Later, more universities are thinking seriously, not only how to raise awareness in general college, but also how to improve achievement so that children are able to apply. This tends to involve building deeper relationships with fewer schools and, sometimes, funding charities like IntoUniversity. It has 30 learning centers, which aim to replicate the support houses of their peers in better conditions, in parts of the country with low university participation. Children come after school to do their homework and other activities. At a branch in Weston-super-Mare, the tiddlers of the elementary school solemnly explain what they want to study at the university. A mother, whose daughter is an aspiring fashion student, says the center "gives hope for the next generation."

The OFS will spend money to discover how to do that work effectively. But these efforts will take time to produce results. Therefore, to meet the new objectives, universities will also have to make greater use of "contextual admissions," which adjust expectations for the circumstances of an applicant. Someone who would be, say, the first in his family to go to college could be examined more closely by admission officers, or even admitted with ABB degrees in A ] – level instead of AAA . The idea is that the lower results achieved in difficult circumstances indicate a similar level of ability to obtain better results obtained by public schoolchildren. In fact, research suggests that students from worse schools are more likely to obtain a first or second class higher than those with the same grades as better schools (with the exception of those at Oxbridge).

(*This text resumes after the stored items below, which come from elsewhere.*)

(* For the $N$-relay 1-2-1 diamond network with relays operating in HD, writing $\ell_i=\ell_{i,0}$ and $r_i=\ell_{N+1,i}$, $\mathsf{C}_{\rm cs,iid}$ (HD states) equals the optimal value of the linear program in variables $\lambda_{\ell_i},\lambda_{r_i}$ ($i\in[1:N]$): $$\max\sum_{i=1}^N\lambda_{\ell_i}\ell_i\ \text{ s.t. }\ \lambda_{\ell_i}\ell_i=\lambda_{r_i}r_i\ \forall i;\quad \sum_{i=1}^N\lambda_{\ell_i}\le1;\quad\sum_{i=1}^N\lambda_{r_i}\le1;\quad \lambda_{\ell_i}+\lambda_{r_i}\le1\ \forall i;\quad \lambda_{\ell_i},\lambda_{r_i}\ge0\ \forall i.$$
   Context: Diamond network: nodes $[0:N+1]$, source $0$, destination $N+1$, relays $[1:N]$; the only links are $(0,i)$ and $(i,N+1)$ for $i\in[1:N]$, with positive capacities $\ell_{i,0}$ and $\ell_{N+1,i}$; all other $\ell_{j,i}=0$. HD network states: a state $s$ consists of sets $s_{i,t}\subseteq[1:N+1]\setminus\{i\}$ and $s_{i,r}\subseteq[0:N]\setminus\{i\}$, each of cardinality at most $1$, for $i\in[0:N+1]$, with $s_{0,r}=s_{N+1,t}=\emptyset$ and $|s_{i,t}|+|s_{i,r}|\le1$ for $i\in[1:N]$; $\mathcal S$ is the set of all such states. Link $(i,j)$ is active in $s$ if $j\in s_{i,t}$ and $i\in s_{j,r}$. $\mathsf{C}_{\rm cs,iid}=\max_{\lambda}\min_{\Omega}\sum_{i\in\Omega,\ j\in\Omega^c}\big(\sum_{s\in\mathcal S:\ (i,j)\text{ active in }s}\lambda_s\big)\ell_{j,i}$, maximum over probability vectors $(\lambda_s)_{s\in\mathcal S}$, minimum over $\Omega$ with $0\in\Omega\subseteq[0:N]$, $\Omega^c=[0:N+1]\setminus\Omega$. *)

From HB Require Import structures.
From mathcomp Require Import all_boot all_order all_algebra.
Set Implicit Arguments. Unset Strict Implicit. Unset Printing Implicit Defensive.
Import Order.TTheory GRing.Theory Num.Theory.
Local Open Scope ring_scope.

Anna Vignoles, an education expert at the University of Cambridge, estimates that half of the universities already use contextual admissions in some way, although the rigor of the criteria used and the extent to which they publish it vary. The OFS knows that he is fighting against the incentives imposed by the tables of the university league, since the results of the students A are one of the factors used to classify institutions Those that admit students with worse results can lower the ranking). And a crucial test remains. If the children of middle-class voters are kept out of the best universities by colleagues with lower grades, politicians may be less enthusiastic about expanding access.